INPUT MATERIAL
• • • • • • •
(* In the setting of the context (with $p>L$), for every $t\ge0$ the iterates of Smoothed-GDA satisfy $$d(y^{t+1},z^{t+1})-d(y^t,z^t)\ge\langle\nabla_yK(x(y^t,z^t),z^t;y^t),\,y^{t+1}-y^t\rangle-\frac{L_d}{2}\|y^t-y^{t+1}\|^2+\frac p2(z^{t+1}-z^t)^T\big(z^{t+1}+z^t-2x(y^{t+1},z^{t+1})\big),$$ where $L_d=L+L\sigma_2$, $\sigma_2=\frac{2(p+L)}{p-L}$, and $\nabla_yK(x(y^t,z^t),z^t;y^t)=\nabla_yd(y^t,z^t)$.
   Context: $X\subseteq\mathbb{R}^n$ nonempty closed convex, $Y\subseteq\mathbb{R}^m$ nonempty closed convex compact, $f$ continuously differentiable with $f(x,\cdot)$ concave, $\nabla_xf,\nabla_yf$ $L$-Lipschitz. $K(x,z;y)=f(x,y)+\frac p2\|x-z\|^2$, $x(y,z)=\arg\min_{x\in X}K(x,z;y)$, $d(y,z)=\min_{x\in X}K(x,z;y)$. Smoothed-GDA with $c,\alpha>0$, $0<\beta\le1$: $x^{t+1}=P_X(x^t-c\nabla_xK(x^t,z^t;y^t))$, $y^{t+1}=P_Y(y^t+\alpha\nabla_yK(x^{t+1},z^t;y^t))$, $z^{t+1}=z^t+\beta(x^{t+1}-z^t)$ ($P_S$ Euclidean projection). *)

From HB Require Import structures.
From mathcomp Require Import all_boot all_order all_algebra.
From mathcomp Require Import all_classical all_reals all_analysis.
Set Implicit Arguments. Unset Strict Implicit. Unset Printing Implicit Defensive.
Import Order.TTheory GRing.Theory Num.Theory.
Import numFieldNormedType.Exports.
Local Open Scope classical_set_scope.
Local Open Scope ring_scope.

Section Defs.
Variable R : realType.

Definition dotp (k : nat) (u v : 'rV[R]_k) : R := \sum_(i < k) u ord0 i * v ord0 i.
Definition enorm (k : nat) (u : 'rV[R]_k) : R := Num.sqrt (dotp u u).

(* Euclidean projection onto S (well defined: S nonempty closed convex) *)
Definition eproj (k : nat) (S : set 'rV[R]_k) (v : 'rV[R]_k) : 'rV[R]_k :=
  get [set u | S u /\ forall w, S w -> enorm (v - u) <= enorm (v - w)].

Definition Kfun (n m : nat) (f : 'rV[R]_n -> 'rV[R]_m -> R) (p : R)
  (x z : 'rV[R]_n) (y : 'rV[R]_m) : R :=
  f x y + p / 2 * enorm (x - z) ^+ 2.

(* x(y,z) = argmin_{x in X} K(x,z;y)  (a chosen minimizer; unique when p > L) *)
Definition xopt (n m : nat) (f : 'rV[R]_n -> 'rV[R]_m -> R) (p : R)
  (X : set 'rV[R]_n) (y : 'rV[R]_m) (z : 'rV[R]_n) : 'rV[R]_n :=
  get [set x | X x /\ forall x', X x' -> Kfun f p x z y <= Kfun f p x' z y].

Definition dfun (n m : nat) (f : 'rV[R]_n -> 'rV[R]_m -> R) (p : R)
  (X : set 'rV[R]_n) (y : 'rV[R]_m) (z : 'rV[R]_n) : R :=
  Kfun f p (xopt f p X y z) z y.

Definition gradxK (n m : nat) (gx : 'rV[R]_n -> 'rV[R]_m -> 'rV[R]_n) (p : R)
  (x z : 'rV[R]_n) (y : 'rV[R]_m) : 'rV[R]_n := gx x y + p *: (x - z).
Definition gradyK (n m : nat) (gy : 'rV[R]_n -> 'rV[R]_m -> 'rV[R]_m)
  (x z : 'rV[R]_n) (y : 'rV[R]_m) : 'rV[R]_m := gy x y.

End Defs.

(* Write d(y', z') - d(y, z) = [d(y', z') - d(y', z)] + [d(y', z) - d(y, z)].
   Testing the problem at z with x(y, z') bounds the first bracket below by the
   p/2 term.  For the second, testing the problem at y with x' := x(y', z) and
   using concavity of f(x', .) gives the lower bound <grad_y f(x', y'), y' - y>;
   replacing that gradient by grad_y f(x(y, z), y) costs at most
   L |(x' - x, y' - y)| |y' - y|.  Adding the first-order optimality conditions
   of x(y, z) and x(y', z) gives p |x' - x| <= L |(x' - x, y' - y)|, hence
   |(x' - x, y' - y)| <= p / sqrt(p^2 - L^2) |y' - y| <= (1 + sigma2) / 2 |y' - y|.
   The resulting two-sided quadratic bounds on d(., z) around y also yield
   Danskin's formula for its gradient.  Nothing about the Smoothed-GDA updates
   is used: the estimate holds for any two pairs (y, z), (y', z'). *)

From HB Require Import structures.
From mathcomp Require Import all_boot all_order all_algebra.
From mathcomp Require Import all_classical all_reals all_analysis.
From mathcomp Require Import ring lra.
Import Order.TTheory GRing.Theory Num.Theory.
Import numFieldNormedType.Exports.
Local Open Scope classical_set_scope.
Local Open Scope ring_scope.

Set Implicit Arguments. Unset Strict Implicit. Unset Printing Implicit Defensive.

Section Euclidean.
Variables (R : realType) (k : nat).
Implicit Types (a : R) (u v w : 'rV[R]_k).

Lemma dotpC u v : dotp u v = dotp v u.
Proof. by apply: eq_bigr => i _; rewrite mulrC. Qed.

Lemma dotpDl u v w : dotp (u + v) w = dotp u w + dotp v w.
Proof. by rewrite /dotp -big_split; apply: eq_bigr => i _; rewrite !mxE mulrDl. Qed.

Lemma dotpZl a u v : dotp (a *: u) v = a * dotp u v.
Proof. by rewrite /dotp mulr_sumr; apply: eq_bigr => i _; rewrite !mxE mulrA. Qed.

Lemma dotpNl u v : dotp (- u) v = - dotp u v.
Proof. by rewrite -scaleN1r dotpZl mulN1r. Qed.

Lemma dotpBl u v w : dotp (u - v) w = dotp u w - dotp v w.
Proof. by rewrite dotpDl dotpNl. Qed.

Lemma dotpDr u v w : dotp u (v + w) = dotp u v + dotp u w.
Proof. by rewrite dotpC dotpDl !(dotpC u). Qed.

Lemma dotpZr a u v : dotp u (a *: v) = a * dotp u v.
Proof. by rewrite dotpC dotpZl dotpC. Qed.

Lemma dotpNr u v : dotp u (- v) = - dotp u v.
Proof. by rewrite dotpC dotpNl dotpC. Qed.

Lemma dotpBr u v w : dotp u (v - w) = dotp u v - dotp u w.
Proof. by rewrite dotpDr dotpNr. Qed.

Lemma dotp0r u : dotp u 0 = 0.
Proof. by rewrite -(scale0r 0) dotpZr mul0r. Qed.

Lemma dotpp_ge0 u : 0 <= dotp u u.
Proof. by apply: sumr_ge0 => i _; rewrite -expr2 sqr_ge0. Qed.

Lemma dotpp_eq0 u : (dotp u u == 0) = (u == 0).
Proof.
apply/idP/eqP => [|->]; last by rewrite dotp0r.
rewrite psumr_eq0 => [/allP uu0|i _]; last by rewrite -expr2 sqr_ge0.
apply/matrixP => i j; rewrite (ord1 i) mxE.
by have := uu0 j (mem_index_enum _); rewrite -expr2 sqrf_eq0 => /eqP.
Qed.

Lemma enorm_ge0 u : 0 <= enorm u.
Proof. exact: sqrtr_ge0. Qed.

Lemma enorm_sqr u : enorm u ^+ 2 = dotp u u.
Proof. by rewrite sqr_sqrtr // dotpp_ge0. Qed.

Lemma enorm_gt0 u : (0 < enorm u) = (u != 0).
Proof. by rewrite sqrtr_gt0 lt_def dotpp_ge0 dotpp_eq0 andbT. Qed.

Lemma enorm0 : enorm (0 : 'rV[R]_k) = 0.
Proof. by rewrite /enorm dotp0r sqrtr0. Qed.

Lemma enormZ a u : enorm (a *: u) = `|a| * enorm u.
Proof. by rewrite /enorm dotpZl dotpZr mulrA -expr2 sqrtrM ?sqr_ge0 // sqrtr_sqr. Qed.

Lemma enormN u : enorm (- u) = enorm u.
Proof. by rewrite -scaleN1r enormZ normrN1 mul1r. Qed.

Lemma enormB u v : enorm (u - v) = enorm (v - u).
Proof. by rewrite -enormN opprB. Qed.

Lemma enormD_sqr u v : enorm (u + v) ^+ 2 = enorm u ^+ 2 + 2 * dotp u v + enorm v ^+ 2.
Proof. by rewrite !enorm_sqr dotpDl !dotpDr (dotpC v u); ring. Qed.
• • • • • • •
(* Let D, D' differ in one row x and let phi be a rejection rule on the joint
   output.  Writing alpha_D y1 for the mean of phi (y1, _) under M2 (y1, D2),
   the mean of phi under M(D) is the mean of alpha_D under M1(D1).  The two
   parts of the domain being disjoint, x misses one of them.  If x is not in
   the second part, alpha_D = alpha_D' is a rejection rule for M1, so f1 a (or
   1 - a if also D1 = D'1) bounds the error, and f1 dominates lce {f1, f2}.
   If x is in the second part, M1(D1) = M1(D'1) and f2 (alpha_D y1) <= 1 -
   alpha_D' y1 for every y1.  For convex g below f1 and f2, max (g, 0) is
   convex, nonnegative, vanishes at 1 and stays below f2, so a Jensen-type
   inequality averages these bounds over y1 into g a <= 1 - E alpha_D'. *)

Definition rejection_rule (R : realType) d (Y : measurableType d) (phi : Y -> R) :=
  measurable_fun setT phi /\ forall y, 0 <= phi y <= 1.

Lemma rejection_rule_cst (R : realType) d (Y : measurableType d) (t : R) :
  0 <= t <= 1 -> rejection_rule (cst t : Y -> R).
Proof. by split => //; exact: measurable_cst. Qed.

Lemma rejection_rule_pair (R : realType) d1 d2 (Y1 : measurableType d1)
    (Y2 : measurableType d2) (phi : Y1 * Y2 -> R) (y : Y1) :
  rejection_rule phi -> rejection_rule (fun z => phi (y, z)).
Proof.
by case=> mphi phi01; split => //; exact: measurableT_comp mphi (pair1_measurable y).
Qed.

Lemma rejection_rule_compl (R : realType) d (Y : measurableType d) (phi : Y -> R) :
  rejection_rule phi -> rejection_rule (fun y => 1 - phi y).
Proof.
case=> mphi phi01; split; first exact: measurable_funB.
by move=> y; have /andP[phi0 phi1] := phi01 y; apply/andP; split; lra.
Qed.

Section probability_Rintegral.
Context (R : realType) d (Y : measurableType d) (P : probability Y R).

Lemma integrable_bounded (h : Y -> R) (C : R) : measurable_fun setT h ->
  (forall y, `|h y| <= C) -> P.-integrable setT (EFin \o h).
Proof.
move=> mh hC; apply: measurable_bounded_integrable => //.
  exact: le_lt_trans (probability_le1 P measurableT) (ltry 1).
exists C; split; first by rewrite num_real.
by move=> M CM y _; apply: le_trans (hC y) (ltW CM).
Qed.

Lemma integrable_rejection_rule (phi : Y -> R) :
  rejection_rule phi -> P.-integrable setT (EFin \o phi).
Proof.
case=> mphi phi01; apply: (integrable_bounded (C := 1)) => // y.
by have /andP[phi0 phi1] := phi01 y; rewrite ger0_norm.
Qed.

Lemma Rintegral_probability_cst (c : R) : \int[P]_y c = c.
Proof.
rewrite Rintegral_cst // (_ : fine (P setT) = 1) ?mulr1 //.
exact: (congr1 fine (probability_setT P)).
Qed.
• • • • • • •
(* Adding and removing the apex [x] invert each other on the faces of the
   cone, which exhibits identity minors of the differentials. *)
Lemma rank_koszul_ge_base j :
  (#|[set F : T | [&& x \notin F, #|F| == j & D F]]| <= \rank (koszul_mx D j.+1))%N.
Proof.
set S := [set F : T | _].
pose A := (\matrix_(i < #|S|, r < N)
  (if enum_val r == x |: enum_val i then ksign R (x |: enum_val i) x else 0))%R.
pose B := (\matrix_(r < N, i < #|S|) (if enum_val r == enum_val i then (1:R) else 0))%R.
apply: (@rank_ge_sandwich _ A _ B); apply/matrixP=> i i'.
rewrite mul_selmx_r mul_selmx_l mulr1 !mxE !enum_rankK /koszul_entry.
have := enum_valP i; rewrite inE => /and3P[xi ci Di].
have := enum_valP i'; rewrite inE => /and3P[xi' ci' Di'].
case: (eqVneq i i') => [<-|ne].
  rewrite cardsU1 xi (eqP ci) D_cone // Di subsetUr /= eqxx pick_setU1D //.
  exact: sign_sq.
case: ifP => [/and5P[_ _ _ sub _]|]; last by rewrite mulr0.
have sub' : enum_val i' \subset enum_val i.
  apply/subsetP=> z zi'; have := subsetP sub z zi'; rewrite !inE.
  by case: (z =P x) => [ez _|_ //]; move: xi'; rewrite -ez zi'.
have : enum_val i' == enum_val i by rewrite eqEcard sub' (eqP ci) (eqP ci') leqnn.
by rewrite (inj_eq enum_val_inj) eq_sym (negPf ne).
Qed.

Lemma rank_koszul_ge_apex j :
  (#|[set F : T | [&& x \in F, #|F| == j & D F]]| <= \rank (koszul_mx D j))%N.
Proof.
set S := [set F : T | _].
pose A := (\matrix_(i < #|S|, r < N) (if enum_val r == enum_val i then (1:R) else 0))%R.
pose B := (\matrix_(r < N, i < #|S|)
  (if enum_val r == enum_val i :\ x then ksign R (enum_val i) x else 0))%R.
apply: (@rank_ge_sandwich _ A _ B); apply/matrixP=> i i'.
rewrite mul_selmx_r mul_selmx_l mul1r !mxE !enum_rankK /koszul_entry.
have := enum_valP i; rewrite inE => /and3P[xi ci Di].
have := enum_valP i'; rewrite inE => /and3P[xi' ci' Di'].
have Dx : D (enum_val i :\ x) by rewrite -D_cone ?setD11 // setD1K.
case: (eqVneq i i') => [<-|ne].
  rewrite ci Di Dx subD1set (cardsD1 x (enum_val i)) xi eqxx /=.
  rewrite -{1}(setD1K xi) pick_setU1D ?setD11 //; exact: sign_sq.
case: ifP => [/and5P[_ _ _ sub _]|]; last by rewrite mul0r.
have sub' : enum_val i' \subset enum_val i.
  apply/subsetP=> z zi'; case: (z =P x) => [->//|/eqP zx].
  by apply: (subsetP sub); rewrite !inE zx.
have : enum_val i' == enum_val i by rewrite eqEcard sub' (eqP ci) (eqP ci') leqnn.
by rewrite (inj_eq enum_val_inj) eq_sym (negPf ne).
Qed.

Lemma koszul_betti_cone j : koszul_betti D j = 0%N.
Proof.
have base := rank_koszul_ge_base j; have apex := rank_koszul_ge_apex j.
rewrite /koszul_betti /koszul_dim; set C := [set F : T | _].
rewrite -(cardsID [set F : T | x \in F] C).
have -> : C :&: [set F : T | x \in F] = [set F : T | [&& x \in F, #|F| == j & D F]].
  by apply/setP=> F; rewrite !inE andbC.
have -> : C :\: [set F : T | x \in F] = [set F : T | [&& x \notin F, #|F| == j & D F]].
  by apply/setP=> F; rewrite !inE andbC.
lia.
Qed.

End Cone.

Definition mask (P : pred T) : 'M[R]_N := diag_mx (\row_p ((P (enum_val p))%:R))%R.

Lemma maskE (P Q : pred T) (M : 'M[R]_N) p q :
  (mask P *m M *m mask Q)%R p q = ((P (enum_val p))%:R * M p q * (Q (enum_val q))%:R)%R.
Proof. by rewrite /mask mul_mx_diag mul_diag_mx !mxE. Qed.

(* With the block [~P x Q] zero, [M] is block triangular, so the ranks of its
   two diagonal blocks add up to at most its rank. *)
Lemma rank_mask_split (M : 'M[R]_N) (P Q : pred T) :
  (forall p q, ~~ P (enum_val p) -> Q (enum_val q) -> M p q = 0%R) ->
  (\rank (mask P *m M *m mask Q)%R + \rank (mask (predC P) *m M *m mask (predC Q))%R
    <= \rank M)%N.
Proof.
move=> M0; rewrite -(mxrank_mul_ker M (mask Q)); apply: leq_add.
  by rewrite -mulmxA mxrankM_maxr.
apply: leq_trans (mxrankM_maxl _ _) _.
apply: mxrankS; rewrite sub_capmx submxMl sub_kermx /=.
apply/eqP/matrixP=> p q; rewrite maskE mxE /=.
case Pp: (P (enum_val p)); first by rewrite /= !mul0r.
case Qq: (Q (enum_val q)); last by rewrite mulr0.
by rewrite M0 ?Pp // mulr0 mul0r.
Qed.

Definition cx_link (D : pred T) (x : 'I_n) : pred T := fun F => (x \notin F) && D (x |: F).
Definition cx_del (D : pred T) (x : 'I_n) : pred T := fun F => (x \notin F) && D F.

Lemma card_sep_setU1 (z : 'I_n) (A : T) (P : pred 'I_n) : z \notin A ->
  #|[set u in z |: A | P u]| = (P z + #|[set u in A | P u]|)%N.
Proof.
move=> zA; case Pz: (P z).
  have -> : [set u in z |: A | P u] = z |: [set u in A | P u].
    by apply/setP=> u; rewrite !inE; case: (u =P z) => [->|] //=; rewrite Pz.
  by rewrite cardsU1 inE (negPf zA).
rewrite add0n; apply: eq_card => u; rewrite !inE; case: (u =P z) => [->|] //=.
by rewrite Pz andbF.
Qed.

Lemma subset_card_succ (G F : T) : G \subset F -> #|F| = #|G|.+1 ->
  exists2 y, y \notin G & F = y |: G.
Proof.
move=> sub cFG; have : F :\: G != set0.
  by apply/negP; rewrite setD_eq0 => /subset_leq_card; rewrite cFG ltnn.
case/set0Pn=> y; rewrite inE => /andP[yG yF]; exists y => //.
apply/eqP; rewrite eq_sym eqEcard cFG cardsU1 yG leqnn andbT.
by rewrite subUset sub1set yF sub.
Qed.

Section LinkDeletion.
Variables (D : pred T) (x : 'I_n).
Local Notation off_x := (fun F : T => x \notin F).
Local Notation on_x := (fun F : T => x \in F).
• • • • • • •
WORK TASK
From the line containing "by rewrite M0 ?Pp // mulr0 mul0r." down to the line containing "move=> zA; case Pz: (P z)." in the material above, reproduce every line exactly, including the two end lines.

ANSWER TO THIS PROBLEM
by rewrite M0 ?Pp // mulr0 mul0r.
Qed.

Definition cx_link (D : pred T) (x : 'I_n) : pred T := fun F => (x \notin F) && D (x |: F).
Definition cx_del (D : pred T) (x : 'I_n) : pred T := fun F => (x \notin F) && D F.

Lemma card_sep_setU1 (z : 'I_n) (A : T) (P : pred 'I_n) : z \notin A ->
  #|[set u in z |: A | P u]| = (P z + #|[set u in A | P u]|)%N.
Proof.
move=> zA; case Pz: (P z).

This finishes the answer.